地方官不是主谋。
他们只是被拴在线上的珠子。
真正握线的人,还在京里。
而且地位不低。
想到这里,沈言忽然觉得后背有些发凉。
因为这意味着,今天在金殿上那些朝他投来惊疑、厌恶或打量目光的人里,很可能就有一个,甚至不止一个,是这张网真正的主人。
屋里静了很久。
良久,萧承珩才缓缓开口:“你觉得,京中谁最有可能。”
沈言看着他,没立刻回答。
这个问题太重。
重到一旦说出口,就不再是推理,而是把人真正推到悬崖边上。
他沉默片刻,只道:“臣现在没有证据,不敢乱指。
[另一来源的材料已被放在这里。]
(* Consider computation in the l2-MBQC setting described in the context, where the only correlated resources are independent copies of the bipartite quantum CHSH box. Then reliable computation is possible: there exists a constant $\delta<1/2$ such that for every $n\ge 1$ and every Boolean function $f:\{0,1\}^n\to\{0,1\}$ there is an l2-MBQC procedure using finitely many independent CHSH boxes which, on every input $\vec b\in\{0,1\}^n$, outputs $f(\vec b)$ with probability at least $1-\delta$.
   Context: l2-MBQC (''MBQC with mod-2 linear classical processing''): a classical control computer receives an input string $\vec b=b_1\dots b_n$. It has access to black boxes, each of which receives a one-bit input from the control computer and returns a one-bit output. The control computer is restricted to computing sums modulo 2 of subsets of the input bits, of previously received box outputs, and possibly the constant $1$; each box input (which may depend on earlier box outputs, i.e. adaptively) and the final output of the computation must be such mod-2 affine functions. The bipartite quantum CHSH box consists of two one-bit-in/one-bit-out boxes sharing the two-qubit state $(|00\rangle+|11\rangle)/\sqrt2$: on input $b_0$ the first box measures its qubit in the $Z$ basis if $b_0=0$ and in the $X$ basis if $b_0=1$; on input $b_1$ the second box measures in the eigenbasis of $(Z+X)/\sqrt2$ if $b_1=0$ and of $(X-Z)/\sqrt2$ if $b_1=1$; measurement outcome $+1$ is output as bit $0$ and $-1$ as bit $1$. For every input pair, the mod-2 sum of the two outputs equals $b_0\wedge b_1$ with probability $\cos^2(\pi/8)$. Different copies of the CHSH box are independent. *)

From Stdlib Require Import Reals.
From mathcomp Require Import all_boot all_order all_algebra.
From mathcomp Require Import Rstruct.

Set Implicit Arguments.
Unset Strict Implicit.
Unset Printing Implicit Defensive.
Local Open Scope R_scope.

(* The observable cos(t) Z + sin(t) X on one qubit (real amplitudes)    *)
(* has eigenvector (cos(t/2), sin(t/2)) for outcome +1 (bit 0) and      *)
(* (-sin(t/2), cos(t/2)) for outcome -1 (bit 1).                        *)
(*   Z : t = 0,  X : t = PI/2,  (Z+X)/sqrt2 : t = PI/4,                  *)
(*   (X-Z)/sqrt2 : t = 3PI/4.                                           *)

Definition eigvec (t : R) (x : bool) (i : bool) : R :=
  if x then (if i then cos (t / 2) else - sin (t / 2))
  else (if i then sin (t / 2) else cos (t / 2)).

(* Measurement angle of the first box on input b0 (Z if 0, X if 1). *)
Definition angleA (b0 : bool) : R := if b0 then PI / 2 else 0.
(* Measurement angle of the second box on input b1
   ((Z+X)/sqrt2 if 0, (X-Z)/sqrt2 if 1). *)
Definition angleB (b1 : bool) : R := if b1 then 3 * PI / 4 else PI / 4.

Definition bell (i j : bool) : R := if i == j then / sqrt 2 else 0.

(* Born rule: probability that the first box outputs x and the second box
   outputs y, on inputs b0 and b1 (all amplitudes are real). *)
Definition chsh_prob (b0 b1 x y : bool) : R :=
  let amp := (\sum_(i : bool) \sum_(j : bool)
                eigvec (angleA b0) x i * eigvec (angleB b1) y j * bell i j)%R
  in (amp * amp)%R.

(* A one-bit box is named by (i, s) : 'I_m * bool, the copy i and the   *)
(* side s (false = first box, true = second box).                       *)

Definition box (m : nat) := ('I_m * bool)%type.

Record affine (n m : nat) := Affine {
  aff_const : bool;
  aff_in    : {ffun 'I_n -> bool};
  aff_box   : {ffun box m -> bool} }.

Definition aff_eval n m (A : affine n m) (b : 'I_n -> bool) (o : box m -> bool)
  : bool :=
  xorb (aff_const A)
   (xorb (\big[xorb/false]_(j < n) (aff_in A j && b j))
         (\big[xorb/false]_(k : box m) (aff_box A k && o k))).

(* A procedure: the boxes are queried in the order given by the injective
   ranking [order]; the input of each box is a mod-2 affine function of the
   input bits and of the outputs of the boxes queried before it (adaptivity);
   the final output is a mod-2 affine function of the input bits and all
   box outputs. *)
Record l2proc (n m : nat) := L2Proc {
  order : box m -> nat;
  order_inj : injective order;
  box_input : box m -> affine n m;
  box_input_causal :
    forall k k' : box m, aff_box (box_input k) k' -> (order k' < order k)%N;
  final_output : affine n m }.

Definition record_prob n m (P : l2proc n m) (b : 'I_n -> bool)
  (o : {ffun box m -> bool}) : R :=
  (\prod_(i < m)
     chsh_prob (aff_eval (box_input P (i, false)) b o)
               (aff_eval (box_input P (i, true)) b o)
               (o (i, false)) (o (i, true)))%R.

Definition output_prob n m (P : l2proc n m) (b : 'I_n -> bool) (c : bool) : R :=
  (\sum_(o : {ffun box m -> bool})
     if aff_eval (final_output P) b o == c then record_prob P b o else 0)%R.

(* A CHSH box is a noisy nonlinear gate for the mod-2 control: fed with the
   inputs a = 1 + v1 + v2 and b = v3 (+ v1), the parity v1 + x + y of its
   outputs equals the multiplexer "if v3 then v2 else v1" (resp. the majority
   of v1, v2, v3) with probability 1 - sin^2(pi/8), independently of how the
   bits v_i were produced by disjoint groups of boxes.  A Boolean function is a
   tree of multiplexers on its input bits.  Each noisy multiplexer raises the
   error bound 0.4 to at most 0.43, and a few rounds of noisy majority votes over
   three independent copies, with error map p |-> s + (1 - 2s)(3p^2 - 2p^3) for
   s = sin^2(pi/8), bring it back below 0.4. *)

From HB Require Import structures.
From Pilot Require Import Defs.
From Stdlib Require Import Bool Reals Lra Psatz.
From mathcomp Require Import all_boot all_order all_algebra.
From mathcomp Require Import Rstruct.

Set Implicit Arguments.
Unset Strict Implicit.
Unset Printing Implicit Defensive.

Import GRing.Theory Num.Theory.

Lemma xorbA : associative xorb. Proof. by do 3!case. Qed.
Lemma xorbACA : interchange xorb xorb. Proof. by do 4!case. Qed.

HB.instance Definition _ :=
  Monoid.isComLaw.Build bool false xorb xorbA xorb_comm xorb_false_l.

Section AffineFunctions.
Variables n m : nat.

Definition aff_cst (c : bool) : affine n m := Affine c [ffun=> false] [ffun=> false].

Definition aff_var (i : 'I_n) : affine n m :=
  Affine false [ffun j => j == i] [ffun=> false].

Definition aff_add (A B : affine n m) : affine n m :=
  Affine (xorb (aff_const A) (aff_const B))
         [ffun j => xorb (aff_in A j) (aff_in B j)]
         [ffun k => xorb (aff_box A k) (aff_box B k)].

Lemma aff_eval_cst c b (o : box m -> bool) : aff_eval (aff_cst c) b o = c.
Proof.
by rewrite /aff_eval !big1 ?xorb_false_r // => k _; rewrite ffunE.
Qed.

Lemma aff_eval_var i b (o : box m -> bool) : aff_eval (aff_var i) b o = b i.
Proof.
rewrite /aff_eval [X in xorb _ (xorb _ X)]big1 => [|k _]; last by rewrite ffunE.
rewrite (bigD1 i) //= ffunE eqxx big1 ?xorb_false_r // => j /negbTE ji.
by rewrite ffunE ji.
Qed.

Lemma aff_eval_add A B b (o : box m -> bool) :
  aff_eval (aff_add A B) b o = xorb (aff_eval A b o) (aff_eval B b o).
Proof.
have andb_xorl x y z : xorb x y && z = xorb (x && z) (y && z) by case: x; case: y; case: z.
rewrite /aff_eval /=.
under eq_bigr do rewrite ffunE andb_xorl.
under [X in xorb _ (xorb _ X)]eq_bigr do rewrite ffunE andb_xorl.
rewrite !big_split /=.
by rewrite [X in xorb _ X]xorbACA xorbACA.
Qed.

End AffineFunctions.

Section BoxSplit.
Variables m1 m2 : nat.

Definition split_box (k : box (m1 + m2)) : box m1 + box m2 :=
  match split k.1 with inl i => inl (i, k.2) | inr i => inr (i, k.2) end.

Definition unsplit_box (k : box m1 + box m2) : box (m1 + m2) :=
  match k with
  | inl (i, s) => (lshift m2 i, s)
  | inr (i, s) => (rshift m1 i, s)
  end.

Lemma split_boxK : cancel split_box unsplit_box.
Proof.
by case=> i s; rewrite /split_box; case: splitP => j /= ij; congr pair; apply: val_inj.
Qed.

Lemma unsplit_boxK : cancel unsplit_box split_box.
Proof. by case=> -[i s]; rewrite /split_box /= ?(unsplitK (inl i)) ?(unsplitK (inr i)). Qed.

Lemma split_box_lshift i s : split_box (lshift m2 i, s) = inl (i, s).
Proof. exact: (unsplit_boxK (inl (i, s))). Qed.

Lemma split_box_rshift i s : split_box (rshift m1 i, s) = inr (i, s).
Proof. exact: (unsplit_boxK (inr (i, s))). Qed.

Lemma big_split_box R (idx : R) (op : Monoid.com_law idx) (F : box (m1 + m2) -> R) :
  \big[op/idx]_k F k =
  op (\big[op/idx]_(k : box m1) F (unsplit_box (inl k)))
     (\big[op/idx]_(k : box m2) F (unsplit_box (inr k))).
Proof.
rewrite (reindex unsplit_box) ?big_sumType //.
by exists split_box => k _; [exact: unsplit_boxK | exact: split_boxK].
Qed.

Definition rec_l (o : {ffun box (m1 + m2) -> bool}) : {ffun box m1 -> bool} :=
  [ffun k => o (unsplit_box (inl k))].

Definition rec_r (o : {ffun box (m1 + m2) -> bool}) : {ffun box m2 -> bool} :=
  [ffun k => o (unsplit_box (inr k))].

Definition rec_glue (o1 : {ffun box m1 -> bool}) (o2 : {ffun box m2 -> bool}) :
  {ffun box (m1 + m2) -> bool} :=
  [ffun k => match split_box k with inl k1 => o1 k1 | inr k2 => o2 k2 end].

Lemma rec_l_glue o1 o2 : rec_l (rec_glue o1 o2) = o1.
Proof. by apply/ffunP => k; rewrite !ffunE unsplit_boxK. Qed.

Lemma rec_r_glue o1 o2 : rec_r (rec_glue o1 o2) = o2.
Proof. by apply/ffunP => k; rewrite !ffunE unsplit_boxK. Qed.

Lemma rec_glueK o : rec_glue (rec_l o) (rec_r o) = o.
Proof.
apply/ffunP => k; rewrite !ffunE -{2}[k]split_boxK.
by case: (split_box k) => k'; rewrite ffunE.
Qed.

Lemma sum_rec_glue (F : {ffun box (m1 + m2) -> bool} -> R) :
  (\sum_o F o = \sum_o1 \sum_o2 F (rec_glue o1 o2))%R.
Proof.
rewrite pair_bigA (reindex (fun p => rec_glue p.1 p.2)) //=.
exists (fun o => (rec_l o, rec_r o)) => [[o1 o2] _ | o _] /=.
  by rewrite rec_l_glue rec_r_glue.
exact: rec_glueK.
Qed.

Variable n : nat.

Definition aff_liftl (A : affine n m1) : affine n (m1 + m2) :=
  Affine (aff_const A) (aff_in A)
    [ffun k => if split_box k is inl k1 then aff_box A k1 else false].

Definition aff_liftr (A : affine n m2) : affine n (m1 + m2) :=
  Affine (aff_const A) (aff_in A)
    [ffun k => if split_box k is inr k2 then aff_box A k2 else false].

Lemma aff_eval_liftl A b (o : {ffun box (m1 + m2) -> bool}) :
  aff_eval (aff_liftl A) b o = aff_eval A b (rec_l o).
Proof.
rewrite /aff_eval big_split_box.
rewrite [X in xorb _ (xorb _ (xorb _ X))]big1 => [|k _]; last by rewrite ffunE unsplit_boxK.
rewrite xorb_false_r; congr (xorb _ (xorb _ _)).
by apply: eq_bigr => k _; rewrite !ffunE unsplit_boxK.
Qed.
”
“但臣敢肯定一件事。”
“什么?”
“从今天起,王爷不能只盯着盐税。”沈言低声道,“得盯人。”
“尤其是——那些看起来最不该有问题的人。”
萧承珩看着他,眸色深沉,像在衡量这句话后面的分量。
片刻后,他忽然道:“今日朝上,顾崇同你说了什么?”
沈言一怔,抬头看他。
“王爷是在怀疑顾太傅?”
“本王在问你。”
沈言想了想,如实道:“他说,年轻人有锋芒是好事,只是朝堂不是书斋,让我说话前多想想。”
“就这些?”
“就这些。”
他顿了顿,又补一句:“听起来像个脾气很好的长辈。”
萧承珩冷笑了一声:“你眼神确实不怎么样。”
沈言:“……”
这个人有时候骂得还挺自然。
不过玩笑归玩笑,他心里却真的动了一下。
顾崇今日在朝上那一番话,太稳,也太顺。
顺得像是既不怕沈言活着,也不怕盐税案被翻出来。
这样的人,要么问心无愧到极点,要么……就是底气足到极点。
沈言靠回椅背,闭了闭眼。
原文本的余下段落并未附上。